Sugar is basically trading the crude oil market right now as is bean oil. Both of them are trading the alternative energy play. When crude rallies, they rally. When crude moves down, they move down. Fundamentals have given way to the day to day vagaries of the energy complex.
Heating oil is trading hurricanes already but natural gas is not. Go figure!
I have mentioned to just about everyone I have spoken with today that the volatility we are seeing is indicative of the nervousness, confusion and uncertainty that exists in the market. We have also seen something that we have not seen in a very long time, the presence of FEAR. In times past, this sort of environment would see money move into gold as the ultimate safe haven. Today’s current crop of lemming investors have been conditioned that the safest place in the world to park money is US Treasuries. This is why bonds moved up today and is the excuse du jour given for the strength in the dollar. Money was flowing into bonds and out of everything else. Personally I find this quite laughable and can only wonder if that philosophy will still look sound when the dollar is knocking on the door from beneath the .70 level.
This kind of volatility does however usually presage some substantial moves. Currently there is absolutely ZERO conviction among the vast majority of players. The giant hedge funds have no investment strategy that they are even attempting to follow right now. Instead, button pushers are reacting to emotional swings which range from euphoric one day to panic the next as automated trading programs wreak havoc on these markets.

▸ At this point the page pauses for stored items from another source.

(* Let $G=(X\cup Y,E)$ be a connected convex bipartite graph with a lex-convex ordering $\sigma=(x_1,\ldots,x_{n_1},y_1,\ldots,y_{n_2})$, and let $(H_1,J_1,H_2,J_2,\ldots)$ be the chain decomposition of $G$ with respect to $\sigma$. Let $y_{r'}=right(x_1)$, $x_r=right(y_1)$, $y_s=right(x_r)$, and assume $s<n_2$; let $x_l=left(y_{s+1})$ and $x_p=right(y_{s+1})$. Then at least one of the following holds: (a) there exists a minimum vertex-edge dominating set $D$ of $G$ with $x_r\in D$; (b) there exists a minimum vertex-edge dominating set $D$ of $G$ with $y_\alpha\in D$, where $\alpha=\max\{i : 1\le i\le r' \text{ and } y_i \text{ is adjacent to every vertex of } J_1\}$ (in particular this set of indices is nonempty, and $y_\alpha\in N_G(x_1)$).
   Context: All graphs are finite, simple and undirected. $N_G(v)$ is the open neighbourhood and $N_G[v]=N_G(v)\cup\{v\}$. An edge $uv$ is ve-dominated by a vertex $w$ if $w\in N_G[u]\cup N_G[v]$. A vertex-edge dominating set (VED-set) of $G$ is a set $D\subseteq V(G)$ such that every edge $uv$ satisfies $|(N_G[u]\cup N_G[v])\cap D|\ge 1$; $\gamma_{ve}(G)$ is the minimum size of a VED-set, and a minimum VED-set is one of that size. A bipartite graph $G=(X\cup Y,E)$ is convex (with respect to $Y$) if $Y$ can be ordered $y_1,\dots,y_{n_2}$ so that for every $x\in X$, $N_G(x)$ is a set of consecutive vertices in this order. Given an ordering $\sigma=(x_1,\dots,x_{n_1},y_1,\dots,y_{n_2})$, for a vertex $v$, $left(v)$ and $right(v)$ denote the neighbours of $v$ of minimum and maximum index in $\sigma$ respectively; for $x_i,x_j$, $left(x_i)\prec left(x_j)$ (resp. $\preceq$) means the index of $left(x_i)$ is less than (resp. at most) that of $left(x_j)$, and similarly for $right$. $\sigma$ is lex-convex if the order on $Y$ is a convex ordering and for all $i<j$ either $left(x_i)\prec left(x_j)$, or $left(x_i)=left(x_j)$ and $right(x_i)\preceq right(x_j)$. A bipartite graph is a chain graph if the neighbourhoods on each side are totally ordered by inclusion. The chain decomposition of a connected convex bipartite graph $G$ with lex-convex ordering $\sigma$: let $x_{t_1}=right(y_1)$ and let $H_1$ be the (chain) subgraph induced by $N(y_1)\cup N(x_{t_1})$; remove $H_1$ from $G$; let $J_1$ be the set of vertices of $X$ that are isolated in $G-V(H_1)$; remove $J_1$ as well; repeat on the remaining graph (with the inherited ordering) to obtain $H_2,J_2,\dots$, until what remains is a chain graph or a set of isolated vertices. Isolated vertices are not considered part of any $H_i$. Notation: $X_i=\{x_i,\dots,x_{n_1}\}$, $Y_i=\{y_i,\dots,y_{n_2}\}$. *)

From mathcomp Require Import all_boot all_order.
Set Implicit Arguments. Unset Strict Implicit. Unset Printing Implicit Defensive.
Lemma line_graph_dominated w : dominated_graph (line_graph w).
Proof.
split.
- move=> v r r' [t [-> ->]] [t' [e ->]].
  have /eqP : (t - t') *: w = 0 by rewrite scalerBl e subrr.
  rewrite scaler_eq0 subr_eq0 => /orP[/eqP -> //|/eqP w0].
  by rewrite w0 sublinear0 !mulr0.
- move=> a v r u s [t [-> ->]] [t' [-> ->]].
  by exists (a * t + t'); rewrite scalerDl scalerA mulrDl mulrA.
- move=> v r [t [-> ->]]; have [t0|t0] := leP 0 t; first by rewrite p_homo.
  have := p_subadd w (- w); rewrite subrr sublinear0.
  rewrite -[t *: w]opprK -scaleNr -scalerN p_homo; last by rewrite oppr_ge0 ltW.
  by move=> h; nra.
- by exists 0; rewrite scale0r mul0r.
Qed.

(* The family to which Zorn's lemma is applied: dominated graphs through
   [(w, p w)], together with the empty graph (the union of the empty chain). *)
Definition zorn_family (w : V) (A : set (V * R)) : Prop :=
  A = set0 \/ dominated_graph A /\ A (w, p w).

Lemma zorn_family_chain w (F : set (set (V * R))) :
  F `<=` zorn_family w -> total_on F subset -> zorn_family w (\bigcup_(X in F) X).
Proof.
move=> FP Ftot.
have [[q [X0 FX0 X0q]]|Fe] := pselect ((\bigcup_(X in F) X) !=set0); last first.
  by left; apply/seteqP; split => // q Fq; apply: Fe; exists q.
have member_good X q' : F X -> X q' -> dominated_graph X /\ X (w, p w).
  by move=> FX Xq'; case: (FP _ FX) => // X0'; rewrite X0' in Xq'.
have common X Y q1 q2 : F X -> F Y -> X q1 -> Y q2 ->
    exists2 U, F U & [/\ U q1, U q2 & dominated_graph U].
  move=> FX FY Xq1 Yq2; have [XY|YX] := Ftot _ _ FX FY.
    by exists Y => //; split => //; [exact: XY | case: (member_good _ _ FY Yq2)].
  by exists X => //; split => //; [exact: YX | case: (member_good _ _ FX Xq1)].
have [[_ _ _ X0_0] X0w] := member_good _ _ FX0 X0q.
right; split; last by exists X0.
split; last by exists X0.
- move=> v r r' [X FX Xv] [Y FY Yv].
  by have [U _ [U1 U2 [fun_ _ _ _]]] := common _ _ _ _ FX FY Xv Yv; exact: fun_ U1 U2.
- move=> a v r u s [X FX Xv] [Y FY Yu].
  have [U FU [U1 U2 [_ lin _ _]]] := common _ _ _ _ FX FY Xv Yu.
  by exists U => //; exact: lin.
- move=> v r [X FX Xv]; have [[_ _ dom _] _] := member_good _ _ FX Xv; exact: dom.
Qed.

Theorem hahn_banach w : exists f : V -> R,
  [/\ forall a x y, f (a *: x + y) = a * f x + f y,
      forall x, f x <= p x & f w = p w].
Proof.
have [A [PA Amax]] := Zorn_bigcup (@zorn_family_chain w).
have wline : line_graph w (w, p w) by exists 1; rewrite scale1r mul1r.
have [gA Aw] : dominated_graph A /\ A (w, p w).
  case: PA => // A0; exfalso; apply: (Amax (line_graph w)).
    by rewrite A0; split => // /(_ _ wline).
  by right; split => //; exact: line_graph_dominated.
have total x : exists r, A (x, r).
  apply: contrapT => nx.
  have [A' [gA' AA']] := dominated_extend gA (fun r Axr => nx (ex_intro _ r Axr)).
  by apply: (Amax A' AA'); right; split => //; case: AA' => + _; apply.
pose f x := projT1 (cid (total x)).
have fP x : A (x, f x) by rewrite /f; case: cid.
case: gA => fun_ lin dom _.
exists f; split => [a x y||]; first exact: fun_ (fP _) (lin a _ _ _ _ (fP x) (fP y)).
  by move=> x; exact: dom (fP x).
exact: fun_ (fP _) Aw.
Qed.

End HahnBanach.

Definition linear_on {R : realType} {V : lmodType R} (S : set V) (f : V -> R) :
    Prop :=
  forall (a : R) (x y : V), S x -> S y -> f (a *: x + y) = a * f x + f y.

Section Slices.
Variables (R : realType) (V : lmodType R) (S : set V) (N : V -> R).

Lemma linear_onD {f x y} : linear_on S f -> S x -> S y -> f (x + y) = f x + f y.
Proof. by move=> lin Sx Sy; have := lin 1 x y Sx Sy; rewrite scale1r mul1r. Qed.

Lemma linear_onZ {f} a {x} : linear_on S f -> S 0 -> S x -> f (a *: x) = a * f x.
Proof.
move=> lin S0 Sx; have f0 : f 0 = 0.
  by have := linear_onD lin S0 S0; rewrite addr0 => h; lra.
by have := lin a x 0 Sx S0; rewrite !addr0 f0 addr0.
Qed.

Lemma dual_le1 {f z} : dual_unit_sphere S N f -> unit_ball S N z -> `|f z| <= 1.
Proof.
by move=> [_ hsup] hz; rewrite -lee_fin -hsup; apply: ereal_sup_ubound; exists z.
Qed.

Hypothesis N_ge0 : forall v, 0 <= N v.

Lemma dist_to_le z (A : set V) a : A a -> dist_to N z A <= N (z - a).
Proof.
move=> Aa; apply: ge_inf; last by exists a.
by exists 0 => _ [b Ab <-].
Qed.

Lemma slice_witnesses f eps z1 z2 c : slice S N f eps z1 ->
  dist_to N z2 (slice S N f eps) + dist_to N z2 (opp_set (slice S N f eps)) < c ->
  exists s s', [/\ slice S N f eps s, slice S N f eps s' & N (z2 - s) + N (z2 + s') < c].
Proof.
set Sl := slice S N f eps => Sl1 hc.
pose g := c - dist_to N z2 Sl - dist_to N z2 (opp_set Sl).
have g0 : 0 < g by rewrite /g; lra.
have near_inf (A : set V) a0 : A a0 ->
    exists2 a, A a & N (z2 - a) < dist_to N z2 A + g / 2.
  move=> Aa0; have ne : [set N (z2 - a) | a in A] !=set0.
    by exists (N (z2 - a0)), a0.
  have [|_ [a Aa <-] ha] := inf_lt ne (x := dist_to N z2 A + g / 2).
    by rewrite /dist_to; lra.
  by exists a.
have [s Ss hs] := near_inf _ _ Sl1.
have [_ [s' Ss' <-] hs'] := near_inf (opp_set Sl) _ (ex_intro2 _ _ z1 Sl1 erefl).
exists s, s'; split => //; rewrite -(opprK s'); rewrite /g in hs hs'; lra.
Qed.

Lemma witnesses_dist f eps z2 s s' c : slice S N f eps s -> slice S N f eps s' ->
  N (z2 - s) + N (z2 + s') < c ->
  dist_to N z2 (slice S N f eps) + dist_to N z2 (opp_set (slice S N f eps)) < c.
Proof.
move=> Ss Ss'; apply: le_lt_trans; apply: lerD; first exact: dist_to_le.
by rewrite -(opprK s'); apply: dist_to_le; exists s'.
Qed.

End Slices.

Section NormedSpace.
Variables (R : realType) (X : normedModType R).
Implicit Types (f : X -> R) (s u w x y z : X).

Lemma linear_on_setT f a b x y : linear_on [set: X] f ->
  f (a *: x + b *: y) = a * f x + b * f y.
Proof. by move=> lin; rewrite lin // (linear_onZ _ lin). Qed.

Lemma norm_homo (t : R) x : 0 <= t -> `|t *: x| = t * `|x|.
Proof. by move=> t0; rewrite normrZ ger0_norm. Qed.

Lemma unit_direction y u : `|u| = 1 -> exists z, `|z| = 1 /\ y = `|y| *: z.
Proof.
move=> nu; have [->|y0] := eqVneq y 0; first by exists u; rewrite normr0 scale0r.
have ny0 : `|y| != 0 by rewrite normr_eq0.
exists (`|y|^-1 *: y); rewrite scalerA mulfV // scale1r.
by rewrite normrZ normfV normr_id mulVf.
Qed.

Lemma norming_dual f w : (forall a x y, f (a *: x + y) = a * f x + f y) ->
  (forall x, f x <= `|x|) -> f w = `|w| -> w != 0 ->
  dual_unit_sphere [set: X] (fun x => `|x|) f.
Proof.
move=> lin fle fw w0.
have linT : linear_on [set: X] f by move=> a x y _ _; exact: lin.
split => //.
have fabs x : `|f x| <= `|x|.
  rewrite ler_norml fle andbT lerNl -mulN1r -(linear_onZ _ linT) // scaleN1r.
  by have := fle (- x); rewrite normrN.
apply/le_anti/andP; split.
  apply: ge_ereal_sup => _ [y [_ hy] <-].
  by rewrite lee_fin; exact: le_trans (fabs y) hy.
have nw0 : 0 < `|w| by rewrite normr_gt0.
apply: ereal_sup_ubound; exists (`|w|^-1 *: w).
  by split => //; rewrite normrZ normfV normr_id mulVf ?gt_eqF.
by rewrite (linear_onZ _ linT) // fw mulVf ?gt_eqF // normr1.
Qed.

Lemma slice_convex f eps a b s s' : linear_on [set: X] f ->
  0 <= a -> 0 <= b -> a + b = 1 ->
  slice [set: X] (fun x => `|x|) f eps s -> slice [set: X] (fun x => `|x|) f eps s' ->
  slice [set: X] (fun x => `|x|) f eps (a *: s + b *: s').
Proof.
move=> lin a0 b0 ab [[_ /= ns] fs] [[_ /= ns'] fs']; split; last first.
  rewrite linear_on_setT //.
  by have [fss'|fss'] := leP (f s) (f s'); nra.
split => //=; apply: le_trans (ler_normD _ _) _.
by rewrite !normrZ !ger0_norm //; nra.
Qed.

Lemma combination_split_le (a b : R) u v w : 0 <= a -> 0 <= b ->
  `|(a - b) *: u - (a *: v + b *: w)| <= a * `|u - v| + b * `|u + w|.
Proof.
move=> a0 b0; have -> : (a - b) *: u - (a *: v + b *: w) = a *: (u - v) - b *: (u + w).
  rewrite scalerBl scalerBr scalerDr !opprD !addrA; congr (_ + _).
  by rewrite addrAC.
by apply: le_trans (ler_normB _ _) _; rewrite !normrZ !ger0_norm.
Qed.

(* Witnesses [s], [s'] of (**) for a vector [z] give witnesses for every
   multiple [lam *: z] with [0 <= lam <= 1]: take convex combinations. *)
Lemma scaled_witnesses f eps lam z s s' : linear_on [set: X] f -> 0 <= lam <= 1 ->
  slice [set: X] (fun x => `|x|) f eps s -> slice [set: X] (fun x => `|x|) f eps s' ->
  exists p q, [/\ slice [set: X] (fun x => `|x|) f eps p,
                  slice [set: X] (fun x => `|x|) f eps q &
                  `|lam *: z - p| + `|lam *: z + q| <= `|z - s| + `|z + s'|].
Proof.
move=> lin /andP[l0 l1] Ss Ss'.
pose a := (1 + lam) / 2; pose b := (1 - lam) / 2.
have a0 : 0 <= a by rewrite /a; lra.
have b0 : 0 <= b by rewrite /b; lra.
have lamE : lam = a - b by rewrite /a /b; lra.
exists (a *: s + b *: s'), (a *: s' + b *: s); split.
- by apply: slice_convex => //; rewrite /a /b; lra.
- by apply: slice_convex => //; rewrite /a /b; lra.
have := combination_split_le z s s' a0 b0.
have := combination_split_le z (- s') (- s) a0 b0.
rewrite -lamE !scalerN -opprD !opprK => h1 h2.
have := normr_ge0 (z - s); have := normr_ge0 (z + s'); rewrite /a /b in h1 h2 *; nra.
Qed.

The result has been a large number of players in the gold pit at the Comex simply throwing in the towel, choosing to get out of the way of the wild swings while they wait for the market to calm down. This includes both longs and shorts who are exiting, in the process dropping the open interest to 316,143 as of yesterday. With today’s estimated volume at 155,000 there is little doubt we will see a significant decline in open interest again tomorrow.
This is the lowest reading since September 8, 2005 (an eight month low) where the open interest was 307,933. Front month gold closed at $447.70 that day. The next day it jumped to 317,409 as gold moved up to the $450 level once again.
I find this current decline in the open interest quite remarkable to say the very least, since we are getting down to levels where I believe we can expect to see prices stabilize fairly soon. The reason: the fuel for further significant declines simply is not there unless we see a wholesale entrance of hedge funds on the short side of the gold market, something which I believe is highly unlikely.
My point in what may seem like some meaningless rambling is that I view this situation as extremely bullish for the gold market. I was never of the opinion that this recent leg up to over $700 was due to “speculative froth” as has been parroted ad-nauseaum, but there is no doubt a huge number of players have exited the gold market. The fact remains that open interest levels are where they were when gold was last trading at $450. We have had what by any standard of measure could be considered a sizeable exit of traders and yet here we are sitting with the gold price $190 higher than the last time we were anywhere near this level of interest by the general trading public. This correction will give us a new point from which to consolidate and build the kind of base we need to see a further substantial price rise which will take out the recent peak near $730.